Диккенс - Пирсон Хескет. Страница 86

Не обходилось в Гэдсхилле и без происшествий. Однажды в его окрестностях появилось привидение. У памятника, стоявшего неподалеку от дома, раздавались какие-то странные звуки, и люди видели, как там движется что-то непонятное. Слухи множились, назревала паника, горничные в доме Диккенса шарахались от собственной тени, а повар явно собирался сбежать. Раздумывать было некогда. Объявив прислуге, что снесет голову тому, кто вздумал так неудачно подшутить над ним, Диккенс дождался, пока взойдет луна, зарядил двустволку и, взяв с собою двух сыновей, вооруженных палками, двинулся навстречу призракам. Поле, на котором стоял памятник, окружала изгородь. Диккенс остановился у калитки и громко сказал: «Ну, берегись, привидение! Если ты попадешься мне на глаза, я буду стрелять, и да поможет мне бог!» Очутившись на поле, они услышали жуткий, нечеловеческий, протяжный, тоскливый и вместе с тем насмешливый звук. Нет, тут явно пахло нечистой силой. Трое отважных пошли на этот звук. Вот в тени памятника возникло белое пятно и шумно двинулось им навстречу. Это была... овца, страдающая астмой! Изгнание духов увенчалось полным успехом.

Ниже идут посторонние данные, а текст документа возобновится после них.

(* In a hierarchical query, each candidate indicator schema at X is         *)
(* contained in an atom below X: its variable with the fewest atoms lies in *)
(* dep(X), hence in an atom below X, and hierarchy forces that atom to      *)
(* contain every other variable of the candidate.                           *)
Lemma cand_cover X a :
  ~~ below sch par X a -> sch a :&: (X |: dep sch par X) != set0 ->
  exists2 b, below sch par X b & sch a :&: (X |: dep sch par X) \subset sch b.
Proof.
set S := X |: dep sch par X => not_below /set0Pn[q0 q0_c].
have [q /setIP[q_a q_S] q_min] := arg_minnP (fun q => #|atoms_of sch q|) q0_c.
have ne_qX : q != X.
  by apply: contraNneq not_below => eq_qX; apply: (below_of q_a); rewrite eq_qX /ancs eqxx.
move: q_S; rewrite /S in_setU1 (negbTE ne_qX) inE => /andP[_ /existsP[b /andP[q_b]]].
case/existsP => Z /andP[Z_b XZ]; exists b; first exact: below_of Z_b XZ.
apply/subsetP => y y_c; have /setIP[y_a _] := y_c.
suff /subsetP/(_ b) : atoms_of sch q \subset atoms_of sch y by rewrite !inE; apply.
have [//|[sub_yq|disj]] := sch_hier q y.
  have -> // : atoms_of sch y = atoms_of sch q.
  by apply/eqP; rewrite eqEcard sub_yq q_min.
by move: disj; rewrite -setI_eq0 => /eqP/setP/(_ a); rewrite !inE q_a y_a.
Qed.

(* Hence the GYO invariant holds initially, the prefix being the leaves below X. *)
Lemma cands_dominated X (Rl : seq {set V}) :
  {subset [seq sch b | b <- enum A & below sch par X b] <= Rl} ->
  prefix_dominated (size Rl) (map Some (Rl ++ cands sch par X (X |: dep sch par X))).
Proof.
set c := cands _ _ _ _ => below_Rl i e le_Ri; rewrite (nth_map_Some set0) size_cat.
case: ifP => // lt_i [<-]; rewrite nth_cat ltnNge le_Ri /=.
have : nth set0 c (i - size Rl) \in c by rewrite mem_nth // ltn_subLR.
case/mapP => a; rewrite mem_filter => /andP[/andP[not_below nonempty] _] ->.
have [b below_b sub_b] := cand_cover not_below nonempty.
have b_Rl : sch b \in Rl by apply: below_Rl; rewrite map_f // mem_filter below_b mem_enum.
exists (index (sch b) Rl), (sch b); split; rewrite ?index_mem //.
by rewrite (nth_map_Some set0) size_cat ltn_addr ?index_mem // nth_cat index_mem b_Rl nth_index.
Qed.

Lemma ind_empty n X : ind sch par n X = [::].
Proof.
case: n => [|n] //=; apply: gyo_select_nil; apply: gyo_dominated.
  by apply: cands_dominated => s s_below; rewrite mem_cat s_below.
by rewrite count_map (@eq_count _ _ predT) // count_predT size_map.
Qed.

Lemma QX_below X : QX sch par X = [seq sch a | a <- enum A & below sch par X a].
Proof.
rewrite /QX; set inds := flatten _; suff -> : inds = [::] by rewrite cats0.
by rewrite /inds; elim: (enum V) => //= Y s IHs; case: ifP; rewrite //= ind_empty.
Qed.

End HierarchicalOrders.

Local Open Scope ring_scope.

Lemma sum_le_subpred (R : numDomainType) (I : finType) (P Q : pred I) (f : I -> R) :
  (forall i, 0 <= f i) -> (forall i, P i -> Q i) ->
  \sum_(i | P i) f i <= \sum_(i | Q i) f i.
Proof.
move=> f_ge0 PQ; rewrite [X in _ <= X](bigID P) /=.
rewrite [X in _ <= X + _](eq_bigl P) => [|i]; first by rewrite lerDl sumr_ge0.
by case P_i: (P i); rewrite ?andbF // (PQ _ P_i).
Qed.

Section FractionalCovers.
Variables (R : realType) (V : finType) (E : seq {set V}).
Implicit Types (F : {set V}) (lam : nat -> R).

Definition frac_cover F lam : Prop :=
  (forall i, (i < size E)%N -> 0 <= lam i <= 1) /\
  (forall Y, Y \in F -> 1 <= \sum_(i < size E | Y \in nth set0 E i) lam i).

Lemma rho_star_le F lam : frac_cover F lam -> rho_star R E F <= \sum_(i < size E) lam i.
Proof.
case=> lam01 lam_cov; apply: ge_inf; last by exists lam.
exists 0 => _ [lam' [lam'01 _ ->]]; apply: sumr_ge0 => i _.
by have /andP[] := lam'01 i (ltn_ord i).
Qed.

Lemma rho_star_ge F x :
  (exists lam, frac_cover F lam) ->
  (forall lam, frac_cover F lam -> x <= \sum_(i < size E) lam i) -> x <= rho_star R E F.
Proof.
move=> [lam0 [lam01 lam_cov]] x_le; apply: lb_le_inf; first by exists (\sum_(i < size E) lam0 i), lam0.
by move=> _ [lam [lam01' lam_cov' ->]]; apply: x_le.
Qed.

Definition coverable F : Prop :=
  forall Y, Y \in F -> exists i : 'I_(size E), Y \in nth set0 E i.

Lemma one_cover F : coverable F -> frac_cover F (fun=> 1).
Proof.
move=> covF; split=> [i _|Y /covF[i Y_i]]; first by rewrite ler01 lexx.
by rewrite (bigD1 i) //= lerDl sumr_ge0 // => j _; rewrite ler01.
Qed.

Lemma rho_star_mono F F' : coverable F -> F' \subset F -> rho_star R E F' <= rho_star R E F.
Proof.
move=> covF sub_F'F; apply: rho_star_ge => [|lam [lam01 lam_cov]]; first by exists (fun=> 1); apply: one_cover.
by apply: rho_star_le; split=> // Y /(subsetP sub_F'F)/lam_cov.
Qed.

(* a cover of F minus e extended by weight 1 on e covers F.               *)
Lemma rho_star_delete F (i0 : 'I_(size E)) :
  coverable F -> rho_star R E F <= rho_star R E (F :\: nth set0 E i0) + 1.
Proof.
move=> covF; rewrite -lerBlDr.
have covF' : coverable (F :\: nth set0 E i0) by move=> Y /setDP[/covF].
apply: rho_star_ge => [|lam [lam01 lam_cov]]; first by exists (fun=> 1); apply: one_cover.
pose lam' (m : nat) := if m == i0 then 1 else lam m.
have lam'01 i : (i < size E)%N -> 0 <= lam' i <= 1.
  by rewrite /lam'; case: eqP => _; [rewrite ler01 lexx|apply: lam01].
have lam'_ge0 (i : 'I_(size E)) : 0 <= lam' i by have /andP[] := lam'01 i (ltn_ord i).
rewrite lerBlDr; apply: le_trans (rho_star_le (lam := lam') _) _.
  split=> // Y Y_F; have [Y_e|Y_e] := boolP (Y \in nth set0 E i0).
    by rewrite (bigD1 i0) //= {1}/lam' eqxx lerDl sumr_ge0.
  apply: le_trans (lam_cov Y _) _; first by rewrite inE Y_e.
  rewrite le_eqVlt; apply/orP; left; apply/eqP/eq_bigr => i Y_i.
  by rewrite /lam'; case: eqP => // eq_i; move: Y_i; rewrite eq_i (negbTE Y_e).
rewrite (bigD1 i0) //= [X in _ <= X + _](bigD1 i0) //= /lam' eqxx addrC lerD2r.
rewrite -[X in X <= _]add0r; apply: lerD; first by have /andP[] := lam01 i0 (ltn_ord i0).
rewrite le_eqVlt; apply/orP; left; apply/eqP/eq_bigr => i ne_i.
by case: eqP => // /ord_inj eq_i; rewrite eq_i eqxx in ne_i.
Qed.

Definition incident (Y : V) : {set 'I_(size E)} := [set i : 'I_(size E) | Y \in nth set0 E i].

Lemma sum_incident lam Y :
  \sum_(i < size E | Y \in nth set0 E i) lam i = \sum_(i in incident Y) lam i.
Proof. by apply: eq_bigl => i; rewrite inE. Qed.

(* Upper bound: if every vertex of F is incident to all hyperedges of some *)
(* nonempty member of M, picking one hyperedge per member of M covers F.    *)
Lemma rho_star_le_transversal F (M : {set {set 'I_(size E)}}) :
  (forall Y, Y \in F -> exists2 r, r \in M & r \subset incident Y) ->
  (forall r, r \in M -> r != set0) ->
  rho_star R E F <= #|M|%:R.
Proof.
move=> hit nonempty.
pose pick_in (r : {set 'I_(size E)}) := [pick j in r].
set I := [set j | Some j \in pick_in @: M].
have card_I : (#|I| <= #|M|)%N.
  rewrite -(card_imset I (@Some_inj _)); apply: leq_trans (leq_imset_card pick_in M).
  by apply: subset_leq_card; apply/subsetP => _ /imsetP[j j_I ->]; rewrite inE in j_I.
pose lam m := if insub m is Some j then (if j \in I then 1 else 0) else 0 : R.
have lamE (j : 'I_(size E)) : lam j = if j \in I then 1 else 0 by rewrite /lam valK.
have lam_ge0 (j : 'I_(size E)) : 0 <= lam j by rewrite lamE; case: ifP; rewrite ?ler01.
apply: le_trans (rho_star_le (lam := lam) _) _.
  split=> [i lt_i|Y /hit[r r_M sub_rY]].
    by rewrite -[i]/(val (Ordinal lt_i)) lamE; case: ifP; rewrite ?ler01 ?lexx.
  have [j j_r pick_r] : exists2 j, j \in r & [pick j in r] = Some j.
    by case: pickP => [j j_r|no_r]; [exists j | case/set0Pn: (nonempty r r_M) => j; rewrite no_r].
  have j_I : j \in I by rewrite inE -pick_r /pick_in imset_f.
  by rewrite sum_incident (bigD1 j) ?(subsetP sub_rY) //= lamE j_I lerDl sumr_ge0.
under eq_bigr do rewrite lamE.
by rewrite -big_mkcond sumr_const ler_nat.
Qed.

(* Lower bound: if M is a family of pairwise disjoint hyperedge sets each   *)
(* containing the incidence set of a vertex of F, every fractional cover    *)
(* puts weight at least 1 on each member, hence costs at least #|M|.        *)
Lemma rho_star_ge_packing F (M : {set {set 'I_(size E)}}) :
  coverable F -> trivIset M ->
  (forall r, r \in M -> exists2 Y, Y \in F & incident Y \subset r) ->
  #|M|%:R <= rho_star R E F.
Proof.
move=> covF trivM pack.
apply: rho_star_ge => [|lam [lam01 lam_cov]]; first by exists (fun=> 1); apply: one_cover.
have lam_ge0 (j : 'I_(size E)) : 0 <= lam j by have /andP[] := lam01 j (ltn_ord j).
rewrite -sumr_const; apply: le_trans (_ : _ <= \sum_(r in M) \sum_(j in r) lam j) _.
  apply: ler_sum => r /pack[Y Y_F sub_Yr]; apply: le_trans (lam_cov Y Y_F) _.
  by rewrite sum_incident; apply: sum_le_subpred => // j /(subsetP sub_Yr).
by rewrite -big_trivIset //; apply: sum_le_subpred.
Qed.

Definition laminar F : Prop :=
  forall Y Y', Y \in F -> Y' \in F ->
    [\/ incident Y \subset incident Y', incident Y' \subset incident Y
       | [disjoint incident Y & incident Y']].

Definition min_incidences F : {set {set 'I_(size E)}} :=
  [set r in incident @: F | [forall r' in incident @: F, (r' \subset r) ==> (r' == r)]].

Lemma min_incidences_incident F r :
  r \in min_incidences F -> exists2 Y, Y \in F & r = incident Y.
Proof. by rewrite inE => /andP[/imsetP[Y Y_F ->] _]; exists Y. Qed.

Lemma min_incidences_minimal F r Y :
  r \in min_incidences F -> Y \in F -> incident Y \subset r -> incident Y = r.
Proof.
rewrite inE => /andP[_ /forallP/(_ (incident Y))] r_min Y_F sub_Yr.
by apply/eqP; move: r_min; rewrite imset_f // sub_Yr.
Qed.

Другое происшествие было несколько менее фантастическим, зато куда более опасным. Как-то утром, одеваясь в своей спальне, Диккенс увидел, как к «Фальстафу» подошли два савояра, ведя на привязи двух медведей. Вскоре их окружила компания каких-то хулиганов, решивших во что бы то ни стало сплясать с медведями, предварительно сняв с них намордники. Мгновенно смекнув, что беды не миновать, Диккенс тут же пошел к таверне, кликнув по дороге садовника. Пока садовник боязливо переминался с ноги на ногу по эту сторону забора, Диккенс велел савоярам отойти подальше, а хулиганам заявил, что вызовет полицию, если они тотчас же не наденут медведям намордники. Один медведь успел уже наброситься на одного из бездельников, и, помогая незадачливому задире надеть на зверя намордник, Диккенс весь выпачкался в крови. Когда все было покончено, он приказал отвести медведей на свой конский двор, где на них немедленно накинулись собаки. Разогнав собак и медведей в разные стороны, Диккенс пошел завтракать.

В Гэдсхилле все должно было находиться в идеальном порядке, Диккенс лично следил за этим. «Возвратившись после чистки из Вашего заведения, — писал он часовых дел мастеру, — стенные часы в вестибюле стали бить с большой неохотой и после долгих внутренних страданий, достойных самого глубокого сочувствия, решили вообще больше не бить. Признавая, что для часов это прекрасный выход из положения, я вынужден сообщить Вам, что моих домочадцев он не очень устраивает. Если можно, пришлите сюда надежного человека, с которым часы могли бы поговорить начистоту. Я уверен, что они будут рады выложить ему все, что накопилось у них на винтиках». Когда нужно было починить дымоход, вырыть новый колодец, разбить клумбу в саду, скосить лужайку, перестлать полы в доме, сменить обои, сделать новую пристройку, он во всем принимал самое деятельное участие и до самой смерти постоянно что-нибудь переделывал, причем неизменно «в последний раз». Одно новшество доставило ему огромное удовлетворение. Возвращаясь как-то домой после очередного турне по провинции, он сел на Хайемской станции в поджидавшую его двуколку,

— Ящики прибыли, сэр, — сообщил ему по дороге кучер.

— Что такое?

— Пятьдесят восемь ящиков, сэр.

— Какие ящики? Первый раз слышу!

— Ничего, сэр, их сложили у ворот, так что вы сразу увидите.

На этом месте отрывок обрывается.